Required action =>
First find the line with "Lemma undo_keyed a" in the entries below, then set down exactly every line through the line with "- pose proof (length_keys_restrict D X).", that line included.

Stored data
────────────────────
Lemma colour_component_unique i x W W' : (i <= n)%nat -> pts X x ->
  colour_components i W -> colour_components i W' ->
  (exists y, W y /\ cball X x r y) -> (exists y, W' y /\ cball X x r y) -> W = W'.
Proof.
  intros Hi Px [V [x0 [DV [_ ->]]]] [V' [x1 [DV' [_ ->]]]]
    [y [Cy [Py Dxy]]] [y' [Cy' [Py' Dxy']]].
  destruct X_metric as [_ [_ [Hs Ht]]].
  assert (Dyy' : dist X y y' <= 2 * r).
  { pose proof (Ht y x y' Py Px Py'). rewrite (Hs y x Py Px) in *. lra. }
  assert (EV : V = V').
  { apply NNPP; intros Hne. destruct D_decomposition as [_ [_ Hsep]].
    pose proof (Hsep i V V' Hi DV DV' Hne y y'
      (chain_component_sub _ _ _ _ _ Cy) (chain_component_sub _ _ _ _ _ Cy')). lra. }
  subst V'.
  apply chain_component_eq; [apply (piece_dist_sym i V Hi DV) |].
  apply (chain_trans _ _ _ _ _ _ Cy).
  apply chain_step with y'; [exact (chain_last _ _ _ _ _ Cy) | exact Dyy' |].
  exact (chain_sym _ _ _ (piece_dist_sym i V Hi DV) _ _ Cy').
Qed.

Lemma chain_components_multiplicity : ball_multiplicity_le X chain_components r (S n).
Proof.
  intros x Px.
  pose (pick i := choose_set (fun W => colour_components i W /\ exists y, W y /\ cball X x r y)).
  exists (map pick (seq 0 (S n))). split; [now rewrite length_map, length_seq |].
  intros W [i [Hi HW]] HWx.
  apply in_map_iff. exists i. split; [| apply in_seq; lia].
  assert (Hpick : colour_components i (pick i) /\ exists y, pick i y /\ cball X x r y).
  { apply choose_set_spec. now exists W. }
  exact (colour_component_unique i x _ _ Hi Px (proj1 Hpick) HW (proj2 Hpick) HWx).
Qed.
Lemma undo_notin X j : ~ In j (keys X) -> undo X j = X.
Proof. intros H; apply restrict_id. congruence. Qed.

Lemma undo_keyed a k Y j : k <> j -> undo (Keyed a k Y) j = Keyed a k (undo Y j).
Proof. intros H; simpl; destruct (decide (k <> j)); tauto. Qed.

Lemma length_keys_restrict D X : length (keys (restrict D X)) <= length (keys X).
Proof.
  induction X; simpl; rewrite ?length_app; try lia.
  destruct (decide (D k)); simpl; lia.
Qed.

Lemma length_keys_restrict_lt D X j : In j (keys X) -> ~ D j ->
  length (keys (restrict D X)) < length (keys X).
Proof.
  induction X; simpl; rewrite ?length_app, ?in_app_iff; intros Hj nD; auto; try tauto.
  - pose proof (length_keys_restrict D X1); pose proof (length_keys_restrict D X2).
    destruct Hj as [Hj|Hj]; [specialize (IHX1 Hj nD) | specialize (IHX2 Hj nD)]; lia.
  - pose proof (length_keys_restrict D X1); pose proof (length_keys_restrict D X2).
    destruct Hj as [Hj|Hj]; [specialize (IHX1 Hj nD) | specialize (IHX2 Hj nD)]; lia.
  - pose proof (length_keys_restrict D X).
    destruct Hj as [<-|Hj]; destruct (decide (D _)); simpl; try tauto;
      try specialize (IHX Hj nD); lia.
Qed.

Fixpoint std_guarded (X : proc) : Prop :=
  match X with
  | Nil => True
  | Pre _ Y => keys Y = []
  | Res Y _ => std_guarded Y
  | Sum Y Z | Par Y Z => std_guarded Y /\ std_guarded Z
  | Keyed _ _ Y => std_guarded Y
  end.

Lemma standard_std_guarded X : standard X -> std_guarded X.
Proof.
  unfold standard; induction X; simpl; auto; try discriminate;
    intros H; apply app_eq_nil in H; tauto.
Qed.

Lemma std_guarded_restrict D X :
  std_guarded X -> down_closed X D -> std_guarded (restrict D X).
Proof.
  unfold down_closed; induction X; simpl; intros G H; auto.
  - apply length_zero_iff_nil. pose proof (length_keys_restrict D X).
    rewrite G in *; simpl in *; lia.
  - split; [apply IHX1|apply IHX2]; firstorder.
  - split; [apply IHX1|apply IHX2]; firstorder.
  - destruct (decide (D k)); simpl; [apply IHX; firstorder|].
    destruct (keys (restrict D X)) as [|x xs] eqn:E; auto.
    assert (Hx : In x (keys (restrict D X))) by (rewrite E; simpl; auto).
    apply keys_restrict in Hx. exfalso; firstorder.
Qed.

Lemma std_guarded_restrict_down_closed D X :
  std_guarded (restrict D X) -> down_closed X D.
Proof.
  unfold down_closed; induction X; simpl; intros G x y Ho Dy;
    try (destruct G, Ho; eauto; fail); eauto.
  - apply standard_std_guarded in G. eauto.
  - destruct (decide (D k)); simpl in G; destruct Ho as [Ho|[-> Hy]]; eauto.
    + apply standard_std_guarded in G. eauto.
    + exfalso. assert (Hy' : In y (keys (restrict D X))) by (apply keys_restrict; auto).
      rewrite G in Hy'; auto.
Qed.

Lemma step_key_fresh A th B : step A th B -> ~ In (pkey th) (keys A).
Proof.
  induction 1; simpl; rewrite ?in_app_iff; try tauto.
  - rewrite H; simpl; auto.
  - intros [E|E]; auto.
  - intros [E|E]; [apply IHstep1; auto | apply IHstep2; congruence].
  - rewrite H0; simpl; tauto.
  - rewrite H0; simpl; tauto.
Qed.

Lemma step_key_new A th B : step A th B -> In (pkey th) (keys B).
Proof. induction 1; simpl; rewrite ?in_app_iff; auto. Qed.

Lemma step_key_neq B thu C k : step B thu C -> In k (keys B) -> pkey thu <> k.
Proof. intros S H E. apply (step_key_fresh S). rewrite E. exact H. Qed.

Lemma step_keys_incl A th B : step A th B -> forall x, In x (keys A) -> In x (keys B).
Proof.
  induction 1; simpl; intros x; rewrite ?in_app_iff; try rewrite H; simpl; firstorder.
Qed.

Lemma step_keys_inv A th B : step A th B ->
  forall x, In x (keys B) -> x = pkey th \/ In x (keys A).
Proof.
  induction 1; simpl; intros x; rewrite ?in_app_iff; try rewrite H; simpl; try firstorder.
  destruct (IHstep2 x H4); auto; left; congruence.
Qed.

Lemma step_length_keys A th B : step A th B -> length (keys A) < length (keys B).
Proof. induction 1; simpl; rewrite ?length_app; try rewrite H; simpl; lia. Qed.

Lemma step_ord_incl A th B : step A th B -> forall x y, ord A x y -> ord B x y.
Proof.
  induction 1; simpl; intros x y; try rewrite H; simpl; try firstorder.
  right; split; auto. eapply step_keys_incl; eauto.
Qed.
────────────────────
Task answer =>
Lemma undo_keyed a k Y j : k <> j -> undo (Keyed a k Y) j = Keyed a k (undo Y j).
Proof. intros H; simpl; destruct (decide (k <> j)); tauto. Qed.

Lemma length_keys_restrict D X : length (keys (restrict D X)) <= length (keys X).
Proof.
  induction X; simpl; rewrite ?length_app; try lia.
  destruct (decide (D k)); simpl; lia.
Qed.

Lemma length_keys_restrict_lt D X j : In j (keys X) -> ~ D j ->
  length (keys (restrict D X)) < length (keys X).
Proof.
  induction X; simpl; rewrite ?length_app, ?in_app_iff; intros Hj nD; auto; try tauto.
  - pose proof (length_keys_restrict D X1); pose proof (length_keys_restrict D X2).
    destruct Hj as [Hj|Hj]; [specialize (IHX1 Hj nD) | specialize (IHX2 Hj nD)]; lia.
  - pose proof (length_keys_restrict D X1); pose proof (length_keys_restrict D X2).
    destruct Hj as [Hj|Hj]; [specialize (IHX1 Hj nD) | specialize (IHX2 Hj nD)]; lia.
  - pose proof (length_keys_restrict D X).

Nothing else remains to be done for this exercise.